Recommendations for handling transient faults

Applies to this Power Platform Well-Architected Reliability checklist recommendation:

RE:05 Strengthen the resiliency of your workload by implementing error handling and transient fault handling. Build capabilities into the solution to handle component failures and transient errors.

This guide describes the recommendations for handling transient faults in your cloud applications. All applications that communicate with remote services and resources must be sensitive to transient faults. This is especially true for applications that run in the cloud, where, because of the nature of the environment and connectivity over the internet, this type of fault is likely to be encountered more often. Transient faults include the momentary loss of network connectivity to components and services, the temporary unavailability of a service, and timeouts that occur when a service is busy. These faults are often self-correcting, so, if the action is repeated after a suitable delay, it's likely to succeed.

Key design strategies

Transient faults can occur in any environment, on any platform or operating system, and in any kind of application.

Challenges

Transient faults can have a significant effect on the perceived availability of an application, even if it's been thoroughly tested under all foreseeable circumstances. To ensure that your Power Platform workload can operate reliably, you need to ensure that it can respond to the following challenges:

  • The application must be able to detect faults when they occur and determine if the faults are likely to be transient, are long-lasting, or are terminal failures. Different resources are likely to return different responses when a fault occurs, and these responses can also vary depending on the context of the operation. For example, the response for an error when the application is retrieving data from a custom connector might be different from the response when the application is running a cloud flow and waiting for the response.

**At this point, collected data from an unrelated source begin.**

(* Let $t\in[n]$ and let $S\subseteq N$ be a $t$-switchable set (maximal or not) such that $P^{\langle t\rangle}_S$ is an associated prime of $\mathcal{I}^{\langle t\rangle}$. Then $\tilde{\mathcal{I}}^{\langle t\rangle}_S$ is contained in the $P^{\langle t\rangle}_S$-primary component of $\mathcal{I}^{\langle t\rangle}$ (in any primary decomposition of $\mathcal{I}^{\langle t\rangle}$).
   Context: Fix positive integers $n, r_1,\dots,r_n$, let $N=[r_1]\times\cdots\times[r_n]$, and let $R$ be the polynomial ring over a field in the variables $x_a$, $a\in N$. For $a,b\in N$ and $i\in[n]$, ${\rm s}(i,a,b)\in N$ has $i$-th component $b_i$ and other components equal to those of $a$. Let $d(a,b)=\#\{j: a_j\neq b_j\}$ and $f_{i,a,b}=x_ax_b-x_{{\rm s}(i,a,b)}x_{{\rm s}(i,b,a)}$. Let $\mathcal{I}^{\langle t\rangle}=(f_{i,a,b}: a,b\in N,\ d(a,b)=2,\ i\in[t])$. A subset $S\subseteq N$ is $t$-switchable if for all $a,b\in S$ with $d(a,b)=2$ and all $i\in[t]$, ${\rm s}(i,a,b)\in S$. Elements $a,b\in S$ are connected in $S$ if there are $a_0=a,\dots,a_k=b$ in $S$ with $d(a_{j-1},a_j)\le 1$ for all $j$. For $t$-switchable $S$: $\tilde{\mathcal{I}}^{\langle t\rangle}_S=(f_{i,a,b}: i\in[t],\ a,b \text{ connected in } S)$, $\mathrm{Var}^{\langle t\rangle}_S=(x_a: a\notin S)$, $P^{\langle t\rangle}_S=\mathrm{Var}^{\langle t\rangle}_S+\tilde{\mathcal{I}}^{\langle t\rangle}_S$. *)

From HB Require Import structures.
From mathcomp Require Import all_boot all_algebra.
From mathcomp Require Import mpoly.

Set Implicit Arguments.
Unset Strict Implicit.
Unset Printing Implicit Defensive.

Import GRing.Theory.
Local Open Scope ring_scope.

Section Ideals.
Variable R : comNzRingType.

Definition is_ideal (I : R -> Prop) : Prop :=
  [/\ I 0, (forall x y, I x -> I y -> I (x + y)) & (forall a x, I x -> I (a * x))].

Definition ideal_gen (G : R -> Prop) : R -> Prop :=
  fun p => exists s : seq (R * R), (forall q, q \in s -> G q.2) /\
                                  p = \sum_(q <- s) q.1 * q.2.

Definition proper_ideal (I : R -> Prop) : Prop := is_ideal I /\ ~ I 1.

Definition prime_ideal (P : R -> Prop) : Prop :=
  proper_ideal P /\ forall a b, P (a * b) -> P a \/ P b.

Definition radical (I : R -> Prop) : R -> Prop := fun p => exists k : nat, I (p ^+ k).

Definition primary_ideal (Q : R -> Prop) : Prop :=
  proper_ideal Q /\ forall a b, Q (a * b) -> Q a \/ radical Q b.

Definition associated_prime (I P : R -> Prop) : Prop :=
  prime_ideal P /\ exists f : R, forall p, P p <-> I (p * f).

Definition primary_decomposition (I : R -> Prop) (m : nat) (Q : 'I_m -> R -> Prop) : Prop :=
  [/\ forall j, primary_ideal (Q j),
      forall p, I p <-> (forall j, Q j p)
    & forall j k, (forall p, radical (Q j) p <-> radical (Q k) p) -> j = k].

Definition subideal (I J : R -> Prop) : Prop := forall p, I p -> J p.

End Ideals.

Section Setting.
Variables (n : nat) (r : 'I_n -> nat).

(* N = [r_1] x ... x [r_n] (0-based coordinates) *)
Definition Nset := {dffun forall j : 'I_n, 'I_(r j)}.

Definition sw (i : 'I_n) (a b : Nset) : Nset :=
  finfun (fun j : 'I_n => if j == i then b j else a j).

Definition dist (a b : Nset) : nat := #|[set j : 'I_n | a j != b j]|.

(* t-switchable sets; i ranges over [t], i.e. 0-based indices i < t *)
Definition switchable (t : nat) (S : {set Nset}) : Prop :=
  forall a b, a \in S -> b \in S -> dist a b = 2 ->
  forall i : 'I_n, (i < t)%N -> sw i a b \in S.

Definition connected_in (S : {set Nset}) (a b : Nset) : bool :=
  [&& a \in S, b \in S &
      connect [rel x y | [&& x \in S, y \in S & (dist x y <= 1)%N]] a b].

Variable K : fieldType.

Definition Rpoly := {mpoly K[#|Nset|]}.

Definition xv (a : Nset) : Rpoly := 'X_(enum_rank a).

Definition fgen (i : 'I_n) (a b : Nset) : Rpoly :=
  xv a * xv b - xv (sw i a b) * xv (sw i b a).

Definition Ibin (t : nat) : Rpoly -> Prop :=
  ideal_gen (fun p => exists (i : 'I_n) (a b : Nset),
                  [/\ (i < t)%N, dist a b = 2 & p = fgen i a b]).

Definition Itilde (t : nat) (S : {set Nset}) : Rpoly -> Prop :=
  ideal_gen (fun p => exists (i : 'I_n) (a b : Nset),
                  [/\ (i < t)%N, connected_in S a b & p = fgen i a b]).

(* Var^<t>_S + \tilde I^<t>_S, generated by the union of generators *)
Definition Pideal (t : nat) (S : {set Nset}) : Rpoly -> Prop :=
  ideal_gen (fun p => (exists a : Nset, a \notin S /\ p = xv a) \/
                      exists (i : 'I_n) (a b : Nset),
                        [/\ (i < t)%N, connected_in S a b & p = fgen i a b]).

End Setting.

(* If a and b are connected in S, walk along a path a = c_0, ..., c_k = b
   in S.  A three-term binomial identity shows inductively that
   u * f_{i,a,s(i,c_l,b)} lies in I^<t> for a monomial u in the variables
   x_c with c in S; switchability of S keeps every point s(i,c_l,a) used in
   S.  At l = k this gives u * f_{i,a,b} in I^<t>.  The monomial u is not in
   P_S, because P_S vanishes at the 0/1 indicator point of S while u takes
   the value 1 there.  Hence f_{i,a,b} lies in every primary ideal containing
   I^<t> whose radical is P_S. *)
From HB Require Import structures.
From mathcomp Require Import all_boot all_algebra.
From mathcomp Require Import mpoly.
From mathcomp Require Import ring.

Set Implicit Arguments.
Unset Strict Implicit.
Unset Printing Implicit Defensive.
Import GRing.Theory.
Local Open Scope ring_scope.

Section IdealGen.
Variable R : comNzRingType.
Implicit Types (G I P Q : R -> Prop) (a f g u x y : R).

Lemma ideal_gen0 G : ideal_gen G 0.
Proof. by exists [::]; rewrite big_nil. Qed.

Lemma ideal_gen_mem G g : G g -> ideal_gen G g.
Proof.
move=> Gg; exists [:: (1, g)]; split; first by move=> q; rewrite inE => /eqP ->.
by rewrite big_seq1 mul1r.
Qed.

Lemma ideal_genD G x y : ideal_gen G x -> ideal_gen G y -> ideal_gen G (x + y).
Proof.
move=> [s [Gs ->]] [s' [Gs' ->]]; exists (s ++ s'); split; last by rewrite big_cat.
by move=> q; rewrite mem_cat => /orP[]; [apply: Gs | apply: Gs'].
Qed.

Lemma ideal_genMl G a x : ideal_gen G x -> ideal_gen G (a * x).
Proof.
move=> [s [Gs ->]]; exists [seq (a * q.1, q.2) | q <- s]; split.
  by move=> q /mapP[q' q's ->] /=; apply: Gs.
by rewrite big_map big_distrr /=; apply: eq_bigr => q _; rewrite mulrA.
Qed.

Lemma ideal_gen_min G I : is_ideal I -> (forall g, G g -> I g) ->
  subideal (ideal_gen G) I.
Proof.
move=> [I0 ID IM] GI _ [s [Gs ->]]; elim: s Gs => [|q s IHs] Gs.
  by rewrite big_nil.
rewrite big_cons; apply: ID; first by apply/IM/GI/Gs; rewrite mem_head.
by apply: IHs => q' q's; apply: Gs; rewrite inE q's orbT.
Qed.

Lemma kernel_is_ideal (S : nzRingType) (phi : {rmorphism R -> S}) :
  is_ideal (fun x => phi x = 0).
Proof.
split; first exact: rmorph0.
  by move=> x y phix0 phiy0; rewrite rmorphD phix0 phiy0 addr0.
by move=> a x phix0; rewrite rmorphM phix0 mulr0.
Qed.

Lemma primary_mulr_cancel Q P f u : primary_ideal Q ->
  (forall p, radical Q p <-> P p) -> ~ P u -> Q (f * u) -> Q f.
Proof. by move=> [_ Qprimary] radQ Pu /Qprimary[// | /radQ]. Qed.

End IdealGen.

Lemma connect_ind (T : finType) (e : rel T) (P : T -> Prop) x y :
  connect e x y -> P x ->
  (forall u v, connect e x u -> e u v -> P u -> P v) -> P y.
Proof.
move=> /connectP[p]; elim/last_ind: p y => [|p z IHp] y /=; first by move=> _ ->.
rewrite rcons_path last_rcons => /andP[xp pz] -> Px step.
apply: (step (last x p)) => //; first by apply/connectP; exists p.
exact: IHp.
Qed.

Section Switch.
Variables (n : nat) (r : 'I_n -> nat).
Implicit Types (c d p q z : Nset r) (i j : 'I_n).

Lemma sw_at i p q : sw i p q i = q i.
Proof. by rewrite ffunE eqxx. Qed.

Lemma sw_off i p q j : j != i -> sw i p q j = p j.
Proof. by move=> /negbTE ji; rewrite ffunE ji. Qed.

Lemma sw_swl i p q z : sw i (sw i p q) z = sw i p z.
Proof. by apply/ffunP => j; rewrite !ffunE; case: (j == i). Qed.

Lemma sw_eqr i p q q' : q i = q' i -> sw i p q = sw i p q'.
Proof. by move=> qq'; apply/ffunP => j; rewrite !ffunE; case: eqP => // ->. Qed.

Lemma sw_self i p : sw i p p = p.
Proof. by apply/ffunP => j; rewrite ffunE; case: (j == i). Qed.

Lemma sw_same i p q : p i = q i -> sw i p q = p.
Proof. by move=> pq; rewrite -(sw_eqr _ pq) sw_self. Qed.

Lemma dist_sym p q : dist p q = dist q p.
Proof. by apply: eq_card => j; rewrite !inE eq_sym. Qed.

Lemma dist_le1_eq i j p q : (dist p q <= 1)%N -> p i != q i -> j != i -> p j = q j.
Proof.
move=> /card_le1_eqP pq_le1 pqi ji; apply/eqP; apply: contraNT ji => pqj.
by apply/eqP/pq_le1; rewrite inE.
Qed.

Lemma sw_dist_le1 i p q : (dist p q <= 1)%N ->
  sw i p q = if p i == q i then p else q.
Proof.
move=> pq_le1; case: eqP => [/sw_same // | /eqP pqi].
apply/ffunP => j; rewrite ffunE; case: eqP => [-> // | /eqP ji].
exact: dist_le1_eq pq_le1 pqi ji.
Qed.

Lemma dist_sw_le1 i p q : (dist p (sw i p q) <= 1)%N.
Proof.
rewrite -(cards1 i); apply/subset_leq_card/subsetP => j; rewrite !inE.
by apply: contraR => ji; rewrite sw_off.
Qed.

Lemma dist_sw_le2 i c d p q : (dist c d <= 1)%N -> (dist (sw i c p) (sw i d q) <= 2)%N.
Proof.
move=> cd_le1; apply: leq_trans (_ : #|i |: [set j | c j != d j]| <= 2)%N.
  apply/subset_leq_card/subsetP => j; rewrite !inE.
  by case: (eqVneq j i) => //= ji; rewrite !sw_off.
by apply: leq_trans (leq_card_setU _ _) _; rewrite cards1.
Qed.

End Switch.

Section Switchable.
Variables (n : nat) (r : 'I_n -> nat) (t : nat) (S : {set Nset r}).
Hypothesis switchS : switchable t S.
Variable i : 'I_n.
Hypothesis lt_it : (i < t)%N.
Implicit Types (a b p q x y z : Nset r).

Lemma switchable_sw_dist_le2 p q : p \in S -> q \in S -> (dist p q <= 2)%N ->
  sw i p q \in S.
Proof.
move=> pS qS; rewrite leq_eqVlt ltnS => /orP[/eqP pq2 | /sw_dist_le1 ->].
  exact: switchS.
by case: ifP.
Qed.

Lemma switchable_sw_step x y z : x \in S -> y \in S -> (dist x y <= 1)%N ->
  sw i x z \in S -> sw i y z \in S.
Proof.
move=> xS yS xy_le1 xzS; rewrite (@sw_eqr _ _ i y z (sw i x z)) ?sw_at //.
apply: switchable_sw_dist_le2 => //; rewrite -{1}(sw_self i y).
by apply: dist_sw_le2; rewrite dist_sym.
Qed.

Lemma connected_in_sw_mem a b z : connected_in S a b ->
  (sw i a z \in S) = (sw i b z \in S).
Proof.
move=> /and3P[aS _ ab].
pose P c := c \in S /\ (sw i a z \in S) = (sw i c z \in S).
suff [] : P b by [].
apply: (connect_ind ab) => // u v _ /and3P[uS vS uv_le1] [_ auz].
split => //; rewrite auz.
by apply/idP/idP; apply: switchable_sw_step; rewrite // dist_sym.
Qed.

End Switchable.

Section Binomials.
Variables (n : nat) (r : 'I_n -> nat) (K : fieldType).
Implicit Types (a b c p q : Nset r) (S : {set Nset r}) (i : 'I_n).

Lemma fgen_dist_le1 i p q : (dist p q <= 1)%N -> fgen K i p q = 0.
Proof.
move=> pq_le1; have qp_le1 : (dist q p <= 1)%N by rewrite dist_sym.
rewrite /fgen (sw_dist_le1 i pq_le1) (sw_dist_le1 i qp_le1) eq_sym.
by case: ifP => _; rewrite ?[xv K q * _]mulrC subrr.
Qed.

Lemma Ibin_fgen t i p q : (i < t)%N -> (dist p q <= 2)%N -> Ibin t (fgen K i p q).
Proof.
move=> lt_it; rewrite leq_eqVlt ltnS => /orP[/eqP pq2 | /fgen_dist_le1 ->].
  by apply: ideal_gen_mem; exists i, p, q.
exact: ideal_gen0.
Qed.

Lemma fgen_exchange i a b c : c i = a i ->
  xv K c * fgen K i a b =
  xv K a * fgen K i c b + xv K (sw i b a) * fgen K i a (sw i c b).
Proof.
move=> ca; rewrite /fgen (sw_eqr b ca) (@sw_eqr _ _ i a (sw i c b) b) ?sw_at //.
by rewrite sw_swl (sw_same ca); ring.
Qed.

Definition indicator_point S : 'I_#|Nset r| -> K :=
  fun k => if enum_val k \in S then 1 else 0.

Lemma meval_xv S a : meval (indicator_point S) (xv K a) = if a \in S then 1 else 0.
Proof. by rewrite mevalXU /indicator_point enum_rankK. Qed.

Lemma Pideal_meval_indicator t S : switchable t S ->
  subideal (Pideal t S) (fun f => meval (indicator_point S) f = 0).
Proof.
move=> switchS; apply: ideal_gen_min; first exact: kernel_is_ideal.
move=> _ [[a [aS ->]] | [i [a [b [lt_it ab ->]]]]].
  by rewrite meval_xv (negbTE aS).
have abS := connected_in_sw_mem switchS lt_it _ ab.
move: ab => /and3P[aS bS _].
have swabS : sw i a b \in S by rewrite abS sw_self.
have swbaS : sw i b a \in S by rewrite -abS sw_self.
by rewrite /fgen mevalB !mevalM !meval_xv aS bS swabS swbaS subrr.
Qed.

Lemma connected_fgen_saturation t S i a b : switchable t S -> (i < t)%N ->
  connected_in S a b ->
  exists u, meval (indicator_point S) u = 1 /\ Ibin t (u * fgen K i a b).
Proof.
move=> switchS lt_it ab; have /and3P[aS _ a_to_b] := ab.
pose P c := exists u, meval (indicator_point S) u = 1 /\
  Ibin t (u * fgen K i a (sw i c b)).
rewrite -(sw_self i b) -/(P b); apply: (connect_ind a_to_b).
  by exists 1; rewrite meval1 mul1r; split => //; apply/Ibin_fgen/leqW/dist_sw_le1.
move=> c d ac /and3P[cS _ cd_le1] [u [u1 Iu]].
have ac_in : connected_in S a c by apply/and3P.
have caS : sw i c a \in S by rewrite -(connected_in_sw_mem switchS lt_it a ac_in) sw_self.
exists (xv K (sw i c a) * u); split; first by rewrite mevalM meval_xv caS u1 mulr1.
rewrite mulrAC fgen_exchange ?sw_at // !sw_swl.
rewrite (@sw_eqr _ _ i c (sw i d b) b) ?sw_at // mulrDl.
apply: ideal_genD; first by rewrite mulrAC; apply/ideal_genMl/Ibin_fgen/dist_sw_le2.
by rewrite -mulrA [_ * u]mulrC; apply: ideal_genMl.
Qed.

End Binomials.

Theorem corollary4p14 (n : nat) (r : 'I_n -> nat) (K : fieldType)
  (hr : forall j, (0 < r j)%N)
  (t : nat) (ht : (1 <= t <= n)%N)
  (S : {set Nset r})
  (hS : @switchable n r t S)
  (hass : associated_prime (@Ibin n r K t) (@Pideal n r K t S)) :
  forall (m : nat) (Q : 'I_m -> Rpoly r K -> Prop),
    primary_decomposition (@Ibin n r K t) Q ->
    forall j : 'I_m,
      (forall p, radical (Q j) p <-> @Pideal n r K t S p) ->
      subideal (@Itilde n r K t S) (Q j).
Proof.
move=> m Q [Qprimary Ibin_eq _] j radQ.
have [[Qideal _] _] := Qprimary j.
apply: ideal_gen_min => // _ [i [a [b [lt_it ab ->]]]].
have [u [u1 Iu]] := connected_fgen_saturation K hS lt_it ab.
apply: (primary_mulr_cancel (u := u) (Qprimary j) radQ).
  by move=> /(Pideal_meval_indicator hS) /=; rewrite u1; apply/eqP/oner_neq0.
by rewrite mulrC; apply: (proj1 (Ibin_eq _)).
Qed.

  • The application must be able to retry the operation if it determines that the fault is likely to be transient.

  • The application must use an appropriate strategy for retries. The strategy specifies the number of times the application should retry, the delay between each attempt, and the actions to take after a failed attempt. The appropriate number of attempts and the delay between each one are often difficult to determine. The strategy varies depending on the type of resource and on the current operating conditions of the resource and the application.

General guidelines

The following guidelines can help you design suitable transient fault handling mechanisms for your applications.

Determine if there's a built-in retry mechanism

Some services you're connecting to might already provide a transient fault handling mechanism. The retry policy it uses is typically tailored to the nature and requirements of the target service. Alternatively, REST interfaces for services might return information that can help you determine whether a retry is appropriate and how long to wait before the next retry attempt.

You should use the built-in retry mechanism when one is available, unless you have specific and well-understood requirements that make a different retry behavior more appropriate.

Determine if the operation is suitable for retrying

Perform retry operations only when the faults are transient (typically indicated by the nature of the error) and when there's at least some likelihood that the operation will succeed when retried. There's no point in retrying operations that attempt an invalid operation, like updating a row in Microsoft Dataverse that doesn't exist or that the user doesn't have permission to, or calling an API endpoint that doesn't exist.

Implement retries only when you can determine the full effect of doing so and when the conditions are well understood and can be validated. Remember that the errors returned from resources and services outside your control might evolve over time, and you might need to revisit your transient fault detection logic.

When you develop individual components or services that are called from your applications, make sure to return error codes and messages that help clients determine whether they should retry failed operations. Consider indicating whether the client should retry the operation; for example, by returning an isTransient value. If you build a web service, consider returning custom errors that are defined within your service contracts.

Determine an appropriate retry count and interval

Optimize the retry count and the interval to the type of use case. If you don't retry enough times, the application can't complete the operation and will probably fail. If you retry too many times, or with too short an interval between tries, the application might hold resources for long periods, which adversely affects the health of the application.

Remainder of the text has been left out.